From the data that follows, print exactly the lines starting at the one containing "by apply: funext => x; rewrite subrr" and ending at the one containing "by apply: measurable_minr;"; include both of them and nothing more.

==== DATA PROVIDED

Lemma Linf_norm_bound h : Linf mu h ->
  0 <= Linf_norm mu h /\ \forall x \ae mu, `|h x| <= Linf_norm mu h.
Proof.
rewrite /Linf /Linf_norm unlock /= => -[mh]; case: ifPn => [mu_gt0 | mu_le0 _].
  set E := ess_sup _ _ => E_fin.
  have E0 : (0 <= E)%E by apply: ess_sup_gee => //; apply: nearW => x /=; rewrite lee_fin.
  have E_fine : E = (fine E)%:E by rewrite fineK // ge0_fin_numE.
  split; first exact: fine_ge0.
  apply: filterS (ess_sup_ge mu (abse \o (EFin \o h))) => x /=.
  by rewrite -/E {1}E_fine lee_fin.
have mu0 : mu setT = 0 by apply/eqP; rewrite eq_le measure_ge0 andbT leNgt.
by split=> //; exists setT.
Qed.

End MeasurableFunctions.

Section StrictlyRectangularSpace.
Context d (T : measurableType d) (R : realType) (mu : {measure set T -> \bar R}).
Variables (Xs : set (T -> R)) (nrm : (T -> R) -> R).
Hypothesis HX : banach_subspace_L0 mu Xs nrm.

Lemma mem_L0 f : Xs f -> L0 f.
Proof. by case: HX => [[H _ _ _ _] _ _]; exact: H. Qed.

Lemma mem0 : Xs (fun => 0).
Proof. by case: HX => [[_ _ H _ _] _ _]; exact: H. Qed.

Lemma memD f g : Xs f -> Xs g -> Xs (fun x => f x + g x).
Proof. by case: HX => [[_ _ _ H _] _ _]; exact: H. Qed.

Lemma memZ a f : Xs f -> Xs (fun x => a * f x).
Proof. by case: HX => [[_ _ _ _ H] _ _]; exact: H. Qed.

Lemma memB f g : Xs f -> Xs g -> Xs (fun x => f x - g x).
Proof.
move=> Xf Xg; have -> : (fun x => f x - g x) = (fun x => f x + -1 * g x).
  by apply: funext => x; rewrite mulN1r.
exact/memD/memZ.
Qed.

Lemma nrm_ge0 f : Xs f -> 0 <= nrm f.
Proof. by case: HX => [_ [_ H _ _ _] _]; exact: H. Qed.

Lemma nrm_eq0 f : Xs f -> (nrm f = 0 <-> aeq mu f (fun => 0)).
Proof. by case: HX => [_ [_ _ H _ _] _]; exact: H. Qed.

Lemma nrmZ a f : Xs f -> nrm (fun x => a * f x) = `|a| * nrm f.
Proof. by case: HX => [_ [_ _ _ H _] _]; exact: H. Qed.

Lemma nrm_triangle f g : Xs f -> Xs g -> nrm (fun x => f x + g x) <= nrm f + nrm g.
Proof. by case: HX => [_ [_ _ _ _ H] _]; exact: H. Qed.

Lemma nrmZ_ge0 a f : 0 <= a -> Xs f -> nrm (fun x => a * f x) = a * nrm f.
Proof. by move=> a0 Xf; rewrite nrmZ // ger0_norm. Qed.

Lemma nrm0 : nrm (fun => 0) = 0.
Proof. by apply/(nrm_eq0 mem0); apply: nearW. Qed.

Lemma nrmBC f g : Xs f -> Xs g -> nrm (fun x => f x - g x) = nrm (fun x => g x - f x).
Proof.
move=> Xf Xg; have -> : (fun x => f x - g x) = (fun x => -1 * (g x - f x)).
  by apply: funext => x; rewrite mulN1r opprB.
by rewrite nrmZ ?normrN1 ?mul1r //; exact: memB.
Qed.

Lemma nrm_triangleB f g : Xs f -> Xs g -> nrm (fun x => f x - g x) <= nrm f + nrm g.
Proof.
move=> Xf Xg; have -> : (fun x => f x - g x) = (fun x => f x + -1 * g x).
  by apply: funext => x; rewrite mulN1r.
by apply: le_trans (nrm_triangle Xf (memZ (-1) Xg)) _; rewrite nrmZ // normrN1 mul1r.
Qed.

Lemma aeq_mem_nrm f g : Xs f -> L0 g -> aeq mu f g -> Xs g /\ nrm g = nrm f.
Proof.
case: HX => -[_ Xae _ _ _] [Nae _ _ _ _] _ Xf mg fg.
by have Xg := Xae f g Xf mg fg; split; last exact/esym/Nae.
Qed.

Definition cauchy_seq (u : nat -> T -> R) := forall e : R, 0 < e ->
  exists N : nat, forall m n : nat, (N <= m)%N -> (N <= n)%N -> nrm (fun x => u m x - u n x) < e.

Lemma cauchy_halfpow (u : nat -> T -> R) c : (forall n, Xs (u n)) ->
  (forall n k, nrm (fun x => u (n + k)%N x - u n x) <= (2^-1) ^+ n * c) ->
  cauchy_seq u.
Proof.
move=> Xu uc e e0; have c1_gt0 : 0 < `|c| + 1 by rewrite ltr_pwDr.
have [N _ /= smallN] := cvgr0_norm_lt _ (@cvg_halfpow R) _ (divr_gt0 e0 c1_gt0).
have le_e p q : (N <= p)%N -> (p <= q)%N -> nrm (fun x => u q x - u p x) < e.
  move=> Np /subnKC <-; apply: le_lt_trans (uc _ _) _.
  have := smallN p Np; rewrite ger0_norm ?halfpow_ge0 // ltr_pdivlMr // => lt_e.
  apply: le_lt_trans lt_e; apply: ler_wpM2l; first exact: halfpow_ge0.
  by rewrite (le_trans (ler_norm c)) // lerDl.
exists N => m n Nm Nn; case: (leqP n m) => nm; first exact: le_e.
by rewrite nrmBC //; exact: le_e (ltnW nm).
Qed.

Lemma nrm_le_of_cvg (u : nat -> T -> R) g M : (forall n, Xs (u n)) -> Xs g ->
  nrm (fun x => u n x - g x) @[n --> \oo] --> 0 -> (forall n, nrm (u n) <= M) ->
  nrm g <= M.
Proof.
move=> Xu Xg ug uM; apply/ler_addgt0Pr => e e0.
have [N _ /(_ N (leqnn N)) /=] := cvgr0_norm_lt _ ug _ e0.
rewrite ger0_norm; last exact/nrm_ge0/memB.
move=> small; have -> : g = fun x => u N x - (u N x - g x) by apply: funext => x; ring.
apply: le_trans (nrm_triangleB (Xu N) (memB (Xu N) Xg)) _.
by apply: lerD => //; exact: ltW.
Qed.

Hypothesis HS : subsequence_property mu Xs nrm.

Lemma mem_pointwise_limit (u : nat -> T -> R) v M : (forall n, Xs (u n)) ->
  cauchy_seq u -> L0 v -> (forall x, u n x @[n --> \oo] --> v x) ->
  (forall n, nrm (u n) <= M) -> Xs v /\ nrm v <= M.
Proof.
move=> Xu u_cauchy mv uv uM; case: HX => _ _ /(_ u Xu u_cauchy) [g [Xg ug]].
have [phi [phiS u_phi_g]] := HS Xu Xg ug.
have gv : aeq mu g v.
  apply: filterS u_phi_g => x u_phi_gx; apply: (cvg_unique (@Rhausdorff R) u_phi_gx).
  exact: (cvg_comp phi (fun n => u n x) (cvg_increasing_nat phiS) (uv x)).
have [Xv ->] := aeq_mem_nrm Xg mv gv; split=> //.
exact: nrm_le_of_cvg Xu Xg ug uM.
Qed.

Hypothesis HR : strictly_rectangular Xs nrm.

Lemma dyadic_partial_mul (s f : T -> R) n k : measurable_fun setT s -> Xs f ->
  Xs (fun x => (dyadic_rem s n x - dyadic_rem s (n + k) x) * f x) /\
  nrm (fun x => (dyadic_rem s n x - dyadic_rem s (n + k) x) * f x)
    <= ((2^-1) ^+ n - (2^-1) ^+ (n + k)) * nrm f.
Proof.
move=> ms Xf; elim: k => [|k [X_k N_k]].
  rewrite addn0; have -> : (fun x => (dyadic_rem s n x - dyadic_rem s n x) * f x) = fun => 0.
    by apply: funext => x; rewrite subrr mul0r.
  by rewrite subrr mul0r nrm0; split=> //; exact: mem0.
have [XA NA] := HR Xf (measurable_dyadic_set (n + k) ms).
set w := (2^-1 : R) ^+ (n + k).+1.
have -> : (fun x => (dyadic_rem s n x - dyadic_rem s (n + k.+1) x) * f x) =
    (fun x => (dyadic_rem s n x - dyadic_rem s (n + k) x) * f x +
       w * (\1_(dyadic_set s (n + k)) x * f x)).
  by apply: funext => x; rewrite addnS dyadic_remS /w; ring.
split; first exact/memD/memZ.
apply: le_trans (nrm_triangle X_k (memZ _ XA)) _.
rewrite nrmZ_ge0 ?halfpow_ge0 //.
apply: le_trans (lerD N_k (ler_wpM2l (halfpow_ge0 _ _) NA)) _.
have halfS : w = (2^-1) ^+ (n + k) / 2 by rewrite /w exprSr.
rewrite addnS -/w -mulrDl ler_wpM2r ?nrm_ge0 //; lra.
Qed.

Lemma mul_unit_interval (s f : T -> R) : measurable_fun setT s ->
  (forall x, 0 <= s x <= 1) -> Xs f -> Xs (fun x => s x * f x) /\ nrm (fun x => s x * f x) <= nrm f.
Proof.
move=> ms s01 Xf; pose u n x := (s x - dyadic_rem s n x) * f x.
have partial n k := dyadic_partial_mul n k ms Xf.
have Xu n : Xs (u n) by case: (partial 0%N n).
have u_le n : nrm (u n) <= nrm f.
  case: (partial 0%N n) => _ /le_trans; apply; rewrite ler_piMl ?nrm_ge0 //.
  by rewrite expr0 add0n lerBlDr lerDl halfpow_ge0.
have u_cauchy : cauchy_seq u.
  apply: (cauchy_halfpow (c := nrm f)) => // n k.
  have [_ N_nk] := partial n k.
  have -> : (fun x => u (n + k)%N x - u n x) =
      (fun x => (dyadic_rem s n x - dyadic_rem s (n + k) x) * f x).
    by apply: funext => x; rewrite /u; ring.
  by apply: le_trans N_nk _; rewrite ler_wpM2r ?nrm_ge0 // lerBlDr lerDl halfpow_ge0.
apply: mem_pointwise_limit Xu u_cauchy _ _ u_le.
  exact/measurable_funM/mem_L0.
move=> x; rewrite -[s x]subr0; apply: cvgM; last exact: cvg_cst.
by apply: cvgB; [exact: cvg_cst | exact: cvg_dyadic_rem].
Qed.

Lemma mul_unit_interval_ae (s f : T -> R) : measurable_fun setT s ->
  (\forall x \ae mu, 0 <= s x <= 1) -> Xs f ->
  Xs (fun x => s x * f x) /\ nrm (fun x => s x * f x) <= nrm f.
Proof.
move=> ms s01 Xf; pose c := (s \max cst 0) \min cst 1.
have mc : measurable_fun setT c.
  by apply: measurable_minr; [apply: measurable_maxr |]; rewrite ?ms //; exact: measurable_cst.
have c01 x : 0 <= c x <= 1 by rewrite /c /= le_min ge_min le_max !lexx ler01 !orbT.
have [Xcf Ncf] := mul_unit_interval mc c01 Xf.
have cs : aeq mu (fun x => c x * f x) (fun x => s x * f x).
  by apply: filterS s01 => x /andP[s0 s1]; rewrite /c /= (max_l s0) (min_l s1).
by have [Xsf ->] := aeq_mem_nrm Xcf (measurable_funM ms (mem_L0 Xf)) cs.
Qed.

Lemma mul_norm_le1 (s f : T -> R) : measurable_fun setT s ->
  (\forall x \ae mu, `|s x| <= 1) -> Xs f ->
  Xs (fun x => s x * f x) /\ nrm (fun x => s x * f x) <= 2 * nrm f.
Proof.
move=> ms s1 Xf; pose sp x := (`|s x| + s x) / 2; pose sn x := (`|s x| - s x) / 2.
have m_abs : measurable_fun setT (fun x => `|s x|) by exact: measurableT_comp ms.
have parts_01 x : `|s x| <= 1 -> 0 <= sp x <= 1 /\ 0 <= sn x <= 1.
  rewrite /sp /sn; have [s0 | s0] := lerP 0 (s x);
    [rewrite ger0_norm // | rewrite ltr0_norm //] => sx1; split; apply/andP; split; lra.
have [Xp Np] := mul_unit_interval_ae (f := f) (s := sp)
  (measurable_funM (measurable_funD m_abs ms) (measurable_cst _))
  (filterS (fun x sx => proj1 (parts_01 x sx)) s1) Xf.
have [Xn Nn] := mul_unit_interval_ae (f := f) (s := sn)
  (measurable_funM (measurable_funB m_abs ms) (measurable_cst _))
  (filterS (fun x sx => proj2 (parts_01 x sx)) s1) Xf.
have -> : (fun x => s x * f x) = (fun x => sp x * f x - sn x * f x).
  by apply: funext => x; rewrite /sp /sn; field.
split; first exact: memB.
by apply: le_trans (nrm_triangleB Xp Xn) _; rewrite mulr2n mulrDl mul1r lerD.
Qed.

Lemma mem_dominated f g : L0 f -> Xs g -> ale mu (fun x => `|f x|) (fun x => `|g x|) ->
  Xs f /\ nrm f <= 2 * nrm g.
Proof.
move=> mf Xg fg; have mfg := L0_div mf (mem_L0 Xg).
have [Xfgg Nfgg] := mul_norm_le1 mfg (filterS (fun x => @norm_div_le1 R _ _) fg) Xg.
by have [Xf ->] := aeq_mem_nrm Xfgg mf (filterS (fun x => @divfK_norm_le R _ _) fg).
Qed.

Lemma mem_monotone f g : L0 f -> Xs g -> ale mu (fun => 0) f -> ale mu f g ->
  Xs f /\ nrm f <= nrm g.
Proof.
move=> mf Xg f0 fg; have mfg := L0_div mf (mem_L0 Xg).
have f0g : \forall x \ae mu, 0 <= f x <= g x by apply: filterS2 f0 fg => x /= -> ->.
have fg01 : \forall x \ae mu, 0 <= f x / g x <= 1.
  exact: filterS (fun x => @div_unit_interval R _ _) f0g.
have [Xfgg Nfgg] := mul_unit_interval_ae mfg fg01 Xg.
have fg_norm : \forall x \ae mu, `|f x| <= `|g x|.
  by apply: filterS f0g => x /andP[fx0 fgx]; rewrite !ger0_norm ?(le_trans fx0).
by have [Xf ->] := aeq_mem_nrm Xfgg mf (filterS (fun x => @divfK_norm_le R _ _) fg_norm).
Qed.

Lemma ale_abs_abs (f : T -> R) : ale mu (fun x => `| `|f x| |) (fun x => `|f x|).
Proof. by apply: nearW => x; rewrite normr_id. Qed.

Lemma mem_abs f : Xs f -> Xs (fun x => `|f x|).
Proof. by move=> Xf; case: (mem_dominated (L0_abs (mem_L0 Xf)) Xf (ale_abs_abs f)). Qed.

Lemma nrm_abs_le f : Xs f -> nrm (fun x => `|f x|) <= 2 * nrm f.
Proof. by move=> Xf; case: (mem_dominated (L0_abs (mem_L0 Xf)) Xf (ale_abs_abs f)). Qed.

Lemma nrm_le_abs f : Xs f -> nrm f <= 2 * nrm (fun x => `|f x|).
Proof.
move=> Xf; have f_le : ale mu (fun x => `|f x|) (fun x => `| `|f x| |).
  by apply: nearW => x; rewrite normr_id.
by case: (mem_dominated (mem_L0 Xf) (mem_abs Xf) f_le).
Qed.

Lemma nrm_abs_le_of_ale f g : Xs f -> Xs g -> ale mu (fun x => `|f x|) g ->
  nrm (fun x => `|f x|) <= nrm g.
Proof.
move=> Xf Xg fg; have f0 : ale mu (fun => 0) (fun x => `|f x|) by apply: nearW => x.
by case: (mem_monotone (L0_abs (mem_L0 Xf)) Xg f0 fg).
Qed.

Lemma nrm_abs_nonneg f : Xs f -> ale mu (fun => 0) f -> nrm (fun x => `|f x|) = nrm f.
Proof.
move=> Xf f0; have f_abs : aeq mu f (fun x => `|f x|).
  by apply: filterS f0 => x /ger0_norm.
by case: (aeq_mem_nrm Xf (L0_abs (mem_L0 Xf)) f_abs).
Qed.

Lemma nrm_dist_abs_le g h : Xs g -> Xs h ->
  nrm (fun x => `|g x| - `|h x|) <= 2 * nrm (fun x => g x - h x).
Proof.
move=> Xg Xh; have dist_le : ale mu (fun x => `| `|g x| - `|h x| |) (fun x => `|g x - h x|).
  by apply: nearW => x; exact: ler_dist_dist.
have m_dist : L0 (fun x => `|g x| - `|h x|).
  by apply: measurable_funB; apply/L0_abs/mem_L0.
by case: (mem_dominated m_dist (memB Xg Xh) dist_le).
Qed.

Lemma ideal_mem : ideal_L0 mu Xs.
Proof. by move=> f g mf Xg fg; case: (mem_dominated mf Xg fg). Qed.

Lemma monotone_with1 : monotone_with mu Xs nrm 1.
Proof.
by move=> f g Xf Xg f0 fg; rewrite mul1r; case: (mem_monotone (mem_L0 Xf) Xg f0 fg).
Qed.

Lemma Linf_mul h f : Linf mu h -> Xs f ->
  [/\ Xs (fun x => h x * f x),
      nrm (fun x => `|h x * f x|) <= Linf_norm mu h * nrm (fun x => `|f x|) &
      nrm (fun x => h x * f x) <= 4 * Linf_norm mu h * nrm f].
Proof.
move=> Lh Xf; have [M0 hM] := Linf_norm_bound Lh; set M := Linf_norm mu h in M0 hM *.
have hf_le : ale mu (fun x => `|h x * f x|) (fun x => M * `|f x|).
  by apply: filterS hM => x hx; rewrite normrM ler_wpM2r.
have hf_dom : ale mu (fun x => `|h x * f x|) (fun x => `|M * f x|).
  by apply: filterS hf_le => x; rewrite (normrM M) (ger0_norm M0).
have [Xhf _] := mem_dominated (measurable_funM Lh.1 (mem_L0 Xf)) (memZ M Xf) hf_dom.
have abs_le : nrm (fun x => `|h x * f x|) <= M * nrm (fun x => `|f x|).
  rewrite -nrmZ_ge0 //; last exact: mem_abs.
  exact: nrm_abs_le_of_ale Xhf (memZ M (mem_abs Xf)) hf_le.
split=> //; apply: le_trans (nrm_le_abs Xhf) _.
have := nrm_abs_le Xf; have := nrm_ge0 (mem_abs Xf); nra.
Qed.

(* Monotonicity applied to f = g = |g - h| forces C >= 1, unless |g - h| has
   norm zero, in which case both sides vanish. *)
Lemma nrm_dist_abs_le_monotone C : monotone_with mu Xs nrm C -> forall g h, Xs g -> Xs h ->
  nrm (fun x => `|g x| - `|h x|) <= 4 * C * nrm (fun x => g x - h x).
Proof.
move=> monoC g h Xg Xh; have Xgh := memB Xg Xh; have Xk := mem_abs Xgh.
have k_le : nrm (fun x => `|g x - h x|) <= C * nrm (fun x => `|g x - h x|).
  by apply: monoC => //; apply: nearW => x.
have := nrm_dist_abs_le Xg Xh; have := nrm_le_abs Xgh.
have := nrm_ge0 Xk; have := nrm_ge0 Xgh; move: k_le.
set L := nrm (fun x => `|g x| - `|h x|); set N := nrm (fun x => g x - h x).
set K := nrm (fun x => `|g x - h x|) => k_le N0 K0 NK LN.
have [C1 | C1] := lerP 1 C.
  by apply: le_trans LN _; rewrite ler_wpM2r //; lra.
have K_eq0 : K = 0 by apply/eqP; rewrite eq_le K0 andbT; nra.
have N_eq0 : N = 0 by lra.
by rewrite N_eq0 mulr0; lra.
Qed.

========

### SOLUTION TO THIS PROBLEM
    by apply: funext => x; rewrite subrr mul0r.
  by rewrite subrr mul0r nrm0; split=> //; exact: mem0.
have [XA NA] := HR Xf (measurable_dyadic_set (n + k) ms).
set w := (2^-1 : R) ^+ (n + k).+1.
have -> : (fun x => (dyadic_rem s n x - dyadic_rem s (n + k.+1) x) * f x) =
    (fun x => (dyadic_rem s n x - dyadic_rem s (n + k) x) * f x +
       w * (\1_(dyadic_set s (n + k)) x * f x)).
  by apply: funext => x; rewrite addnS dyadic_remS /w; ring.
split; first exact/memD/memZ.
apply: le_trans (nrm_triangle X_k (memZ _ XA)) _.
rewrite nrmZ_ge0 ?halfpow_ge0 //.
apply: le_trans (lerD N_k (ler_wpM2l (halfpow_ge0 _ _) NA)) _.
have halfS : w = (2^-1) ^+ (n + k) / 2 by rewrite /w exprSr.
rewrite addnS -/w -mulrDl ler_wpM2r ?nrm_ge0 //; lra.
Qed.

Lemma mul_unit_interval (s f : T -> R) : measurable_fun setT s ->
  (forall x, 0 <= s x <= 1) -> Xs f -> Xs (fun x => s x * f x) /\ nrm (fun x => s x * f x) <= nrm f.
Proof.
move=> ms s01 Xf; pose u n x := (s x - dyadic_rem s n x) * f x.
have partial n k := dyadic_partial_mul n k ms Xf.
have Xu n : Xs (u n) by case: (partial 0%N n).
have u_le n : nrm (u n) <= nrm f.
  case: (partial 0%N n) => _ /le_trans; apply; rewrite ler_piMl ?nrm_ge0 //.
  by rewrite expr0 add0n lerBlDr lerDl halfpow_ge0.
have u_cauchy : cauchy_seq u.
  apply: (cauchy_halfpow (c := nrm f)) => // n k.
  have [_ N_nk] := partial n k.
  have -> : (fun x => u (n + k)%N x - u n x) =
      (fun x => (dyadic_rem s n x - dyadic_rem s (n + k) x) * f x).
    by apply: funext => x; rewrite /u; ring.
  by apply: le_trans N_nk _; rewrite ler_wpM2r ?nrm_ge0 // lerBlDr lerDl halfpow_ge0.
apply: mem_pointwise_limit Xu u_cauchy _ _ u_le.
  exact/measurable_funM/mem_L0.
move=> x; rewrite -[s x]subr0; apply: cvgM; last exact: cvg_cst.
by apply: cvgB; [exact: cvg_cst | exact: cvg_dyadic_rem].
Qed.

Lemma mul_unit_interval_ae (s f : T -> R) : measurable_fun setT s ->
  (\forall x \ae mu, 0 <= s x <= 1) -> Xs f ->
  Xs (fun x => s x * f x) /\ nrm (fun x => s x * f x) <= nrm f.
Proof.
move=> ms s01 Xf; pose c := (s \max cst 0) \min cst 1.
have mc : measurable_fun setT c.
  by apply: measurable_minr; [apply: measurable_maxr |]; rewrite ?ms //; exact: measurable_cst.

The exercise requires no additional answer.